Start of Records for this exercise

Definition even_part (g : GLU) : GLW := @gltmx F h.-1 (id_twist F) (fun j => ucoef g j.*2).

Definition spread (w : GLW) : GLU :=
  @gltmx F N frob (fun d => if odd d then 0 else wcoef w d./2).

Lemma even_part_tmx (g : GLU) : g \in Uset F q h ->
  GLval (even_part g) = tmxW (fun j => ucoef g j.*2).
Proof. by move=> U; apply: gltmxK; rewrite /= ucoef0. Qed.

Lemma even_part_Wset (g : GLU) : g \in Uset F q h -> even_part g \in Wset F h.
Proof. by move=> U; apply: tmx_Wset (even_part_tmx U) _; rewrite /= ucoef0. Qed.

Lemma wcoef_even_part (g : GLU) j : g \in Uset F q h -> (j <= h.-1)%N ->
  wcoef (even_part g) j = ucoef g j.*2.
Proof. by move=> U le_jh; rewrite /wcoef (even_part_tmx U) tcoef_tmx. Qed.

Lemma even_part_top (g : GLU) : g \in Uset F q h ->
  GLval (even_part g) ord0 ord_max = GLval g ord0 ord_max.
Proof. by move=> U; rewrite -wcoef_ord -ucoef_ord wcoef_even_part. Qed.

Lemma even_partM (g1 g2 : GLU) : g1 \in Hpset F q h -> g2 \in Hpset F q h ->
  even_part (g1 * g2)%g = (even_part g1 * even_part g2)%g.
Proof.
move=> /HpP[U1 g1E] /HpP[U2 g2E]; apply: val_inj.
change (GLval (even_part (g1 * g2)%g) = GLval (even_part g1 * even_part g2)%g).
rewrite GL_MxE !even_part_tmx ?UsetM // mul_tmx; apply: eq_tmx => d le_dh.
rewrite ucoefM //; last by rewrite /Nh; lia.
rewrite /tconv (big_ord_double (fun k => ucoef g1 k * frob k (ucoef g2 (d.*2 - k)))).
rewrite [X in _ + X]big1 ?addr0 => [|m _]; last first.
  have lt_md := ltn_ord m; have [le_mh | lt_hm] := leqP m.*2.+1 h.-1.
    by rewrite g1E ?mul0r //= ?odd_double // /Nh; lia.
  by rewrite g2E ?twist0 ?mulr0 ?oddB ?odd_double // /Nh; lia.
by apply: eq_bigr => m _; rewrite frob_double -doubleB.
Qed.

Lemma spread_tmx (w : GLW) : w \in Wset F h ->
  GLval (spread w) = tmxU (fun d => if odd d then 0 else wcoef w d./2).
Proof. by case/WsetP => _ w0; rewrite gltmxK //= w0. Qed.

Lemma spread_Hpset (w : GLW) : w \in Wset F h -> spread w \in Hpset F q h.
Proof.
move=> W; have U : spread w \in Uset F q h by apply: tmx_Uset (spread_tmx W) _; case/WsetP: W.
by apply/HpP; split=> // j le_jN odd_j _; rewrite /ucoef (spread_tmx W) tcoef_tmx // odd_j.
Qed.

Lemma even_part_spread (w : GLW) : w \in Wset F h -> even_part (spread w) = w.
Proof.
move=> W; have U := HpP _ (spread_Hpset W); apply: val_inj.
change (GLval (even_part (spread w)) = GLval w); case/WsetP: (W) => -> _.
rewrite even_part_tmx; last by case: U.
apply: eq_tmx => d le_dh; rewrite /ucoef (spread_tmx W) tcoef_tmx ?odd_double ?doubleK //.
by rewrite /Nh; lia.
Qed.

(* The image in [W] of the elements [1 + a pi^(h-1)], phrased exactly as in [Apsi]. *)
Definition mid_zero (w : GLW) : bool :=
  [forall j : 'I_h.-1.+1, ((0 < j)%N && (j < h.-1)%N) ==> (GLval w ord0 j == 0)].

Lemma mid_zeroP (w : GLW) :
  reflect (forall j, (0 < j < h.-1)%N -> wcoef w j = 0) (mid_zero w).
Proof.
apply: (iffP forallP) => [wE j /andP[j_gt0 lt_jh] | wE j]; last first.
  by apply/implyP => /wE; rewrite wcoef_ord => ->.
have lt_jh1 : (j < h.-1.+1)%N by apply: ltnW.
by move/implyP: (wE (Ordinal lt_jh1)); rewrite /= j_gt0 lt_jh -wcoef_ord => /(_ isT)/eqP.
Qed.

Lemma spread_H0set (w : GLW) : w \in Wset F h -> mid_zero w -> spread w \in H0set F q h.
Proof.
move=> W /mid_zeroP wE; have /HpP[U _] := spread_Hpset W.
apply/H0P; split=> // j le_jN j_gt0 j_neqN j_odd.
rewrite /ucoef (spread_tmx W) tcoef_tmx //; case: ifP => // even_j.
rewrite wE //; move: le_jN j_neqN j_gt0; rewrite /Nh -[j]odd_double_half even_j /=.
by rewrite add0n => ? /eqP ? ?; lia.
Qed.

Lemma even_part_mid_zero (g : GLU) : g \in H0set F q h -> mid_zero (even_part g).
Proof.
case/H0P => U gE; apply/mid_zeroP => j /andP[j_gt0 lt_jh].
by rewrite wcoef_even_part ?gE ?odd_double // ?ltn_eqF ?double_gt0 /Nh; lia.
Qed.

Lemma even_part_eq1_H0set (g : GLU) : g \in Hpset F q h -> even_part g = 1%g -> g \in H0set F q h.
Proof.
case/HpP => U gE g1; apply/H0P; split=> // j le_jN j_gt0 j_neqN j_even.
have [odd_j | even_j] := boolP (odd j); first by apply: gE; move: j_even; rewrite odd_j -leqNgt.
have le_jh : (j./2 <= h.-1)%N by move: le_jN; rewrite /Nh; lia.
rewrite -[j]odd_double_half (negPf even_j) -wcoef_even_part // g1.
rewrite /wcoef GL_1E -(tmx_delta _ (id_twist F)) tcoef_tmx //.
move: j_gt0; rewrite -[j in (0 < j)%N]odd_double_half (negPf even_j) add0n double_gt0 lt0n.
by move=> /negPf ->.
Qed.

Lemma mid_zero_topM (w1 w2 : GLW) : w1 \in Wset F h -> w2 \in Wset F h ->
    mid_zero w1 -> mid_zero w2 ->
  GLval (w1 * w2)%g ord0 ord_max = GLval w1 ord0 ord_max + GLval w2 ord0 ord_max.
Proof.
move=> W1 W2 /mid_zeroP w1E /mid_zeroP w2E; rewrite -!wcoef_ord.
rewrite /wcoef (mulW_tmx W1 W2) tcoef_tmx // tconv_gap //.
- by rewrite /=; lia.
- by case/WsetP: W1.
- by case/WsetP: W2.
by move=> k /= k_mid; rewrite w1E ?w2E.
Qed.

Lemma sharp_even_part (chi : 'CF(W F h)) (g : GLU) : g \in Uset F q h ->
  sharp F h chi g = chi (even_part g).
Proof.
move=> U; rewrite /sharp; case: pickP => [w /andP[W /forallP wE] | no_w]; last first.
  move/negbT/negP: (no_w (even_part g)); rewrite even_part_Wset //; case.
  by apply/forallP => j; rewrite -wcoef_ord wcoef_even_part // -ltnS ltn_ord.
congr (chi _); apply: val_inj; change (GLval w = GLval (even_part g)).
case/WsetP: W => -> _; rewrite even_part_tmx //; apply: eq_tmx => d le_dh.
have := wE (inord d); rewrite -wcoef_ord -ucoef_ord inordK ?ltnS // => /eqP ->.
by rewrite inordK //; rewrite /Nh; lia.
Qed.

Lemma even_part_morphM : {in Hp F q h &, {morph even_part : x y / (x * y)%g >-> (x * y)%g}}.
Proof. by move=> g1 g2; rewrite !mem_Hp; apply: even_partM. Qed.

Definition even_part_morph : {morphism Hp F q h >-> GLW} := Morphism even_part_morphM.

Lemma Hp_Uset (g : GLU) : g \in Hp F q h -> g \in Uset F q h.
Proof. by rewrite mem_Hp => /HpP[]. Qed.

End of Records for this exercise

- _What is needed_: The expected answer is an exact copy of the lines above, beginning at the line with "by apply: eq_bigr" and ending at the line with "move=> W; have U : spread", with both ends in.

- _Result of this task_:
by apply: eq_bigr => m _; rewrite frob_double -doubleB.
Qed.

Lemma spread_tmx (w : GLW) : w \in Wset F h ->
  GLval (spread w) = tmxU (fun d => if odd d then 0 else wcoef w d./2).
Proof. by case/WsetP => _ w0; rewrite gltmxK //= w0. Qed.

Lemma spread_Hpset (w : GLW) : w \in Wset F h -> spread w \in Hpset F q h.
Proof.
move=> W; have U : spread w \in Uset F q h by apply: tmx_Uset (spread_tmx W) _; case/WsetP: W.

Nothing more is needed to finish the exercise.